━━━ Information shown
Lemma inIm_liftE_inv beta (y : {ffun Eb (contract C) -> NG}) :
  inIm G beta (liftE y) -> inIm G beta y.
Proof.
case=> xv [xe [xeNe dmapE]]; exists (restrV xv), (restrE xe); split.
  exact: inNeG_restrE.
rewrite dmap_restr ?dmapE ?restrE_liftE //.
by apply: (trivslope_const (beta := beta) xeNe) => e e0; rewrite dmapE liftE_trivslope.
Qed.

Lemma inIm_sub_liftE beta z :
  (exists y, inIm G beta (z - liftE y)) <-> exists xv, {in E0, z =1 coboundary src tgt xv}.
Proof.
split=> [[y [xv [xe [xeNe dmapE]]]] | [xv zxv]].
  exists xv => e; rewrite inE => e0.
  rewrite -(dmap_trivslope beta _ e0 (xeNe e)) dmapE.
  by rewrite [(z - _) e]ffunE [(- liftE y) e]ffunE liftE_trivslope // subr0.
exists (restrE (z - coboundary src tgt xv)), xv, 0; split=> [e | ].
  by rewrite ffunE; apply: inNeG0.
apply/ffunP => e; rewrite dmap0E [(z - _) e]ffunE [(- liftE _) e]ffunE liftE_restrE.
case: ifPn => [e0 | _]; first by rewrite subr0 zxv ?inE.
by rewrite [(z - _) e]ffunE [(- coboundary _ _ _) e]ffunE opprB subrKC.
Qed.

End Contraction.

Theorem mainTheorem9 (R : archiRealFieldType) (n : nat) (C : curve R n) (G : zmodType) :
  is_curve C ->
  genus (contract C) <= genus C /\
  forall beta : bool,
  [/\ (forall (xv : {ffun Vf (contract C) -> 'rV[G]_n})
              (xe : {ffun Eb (contract C) -> 'rV[G]_n}),
          inE1 G beta xv xe -> inE1 G beta (liftV xv) (liftE xe)),
      (forall (xv xv' : {ffun Vf (contract C) -> 'rV[G]_n})
              (xe xe' : {ffun Eb (contract C) -> 'rV[G]_n}),
           inE1 G beta xv xe -> inE1 G beta xv' xe' ->
          liftV xv = liftV xv' -> liftE xe = liftE xe' ->
          xv = xv' /\ xe = xe'),
      (forall (xv : {ffun Vf C -> 'rV[G]_n}) (xe : {ffun Eb C -> 'rV[G]_n}),
          inE1 G beta xv xe ->
          exists (xv' : {ffun Vf (contract C) -> 'rV[G]_n})
                 (xe' : {ffun Eb (contract C) -> 'rV[G]_n}), [/\ inE1 G beta xv' xe', liftV xv' = xv & liftE xe' = xe])
    & [/\
      (forall y : {ffun Eb (contract C) -> 'rV[G]_n},
          inIm G beta y -> inIm G beta (liftE y)),
      (forall y : {ffun Eb (contract C) -> 'rV[G]_n},
          inIm G beta (liftE y) -> inIm G beta y)
    & exists phi : {ffun Eb C -> 'rV[G]_n} ->
                   {ffun 'I_(`|genus C - genus (contract C)|%N) -> 'rV[G]_n},
        [/\ (forall a b, phi (a + b) = phi a + phi b),
            (forall t, exists z, phi z = t)
          & (forall z, phi z = 0 <->
               exists y : {ffun Eb (contract C) -> 'rV[G]_n},
                 inIm G beta (z - liftE y))]]].
Proof.
move=> _; split=> [|beta]; first by rewrite -subr_ge0 genus_contract.
split=> [||xv xe /inE1_restr [restr_E1 <- <-] |]; first exact: inE1_lift.
- by move=> xv xv' xe xe' _ _ /liftV_inj-> /liftE_inj->.
- by exists (restrV xv), (restrE xe).
split; [exact: inIm_liftE | exact: inIm_liftE_inv |].
have [phi [phiD phi_onto phi0]] := cocycle_quotient src tgt 'rV[G]_n (trivial_edges C).
rewrite genus_contract absz_nat; exists phi; split=> // z.
by rewrite phi0 inIm_sub_liftE.
Qed.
━━━━━━
What the exercise asks:
Within the data above, find the lines that contain the word "case" and copy each of them.

Result:
case=> xv [xe [xeNe dmapE]]; exists (restrV xv), (restrE xe); split.
case: ifPn => [e0 | _]; first by rewrite subr0 zxv ?inE.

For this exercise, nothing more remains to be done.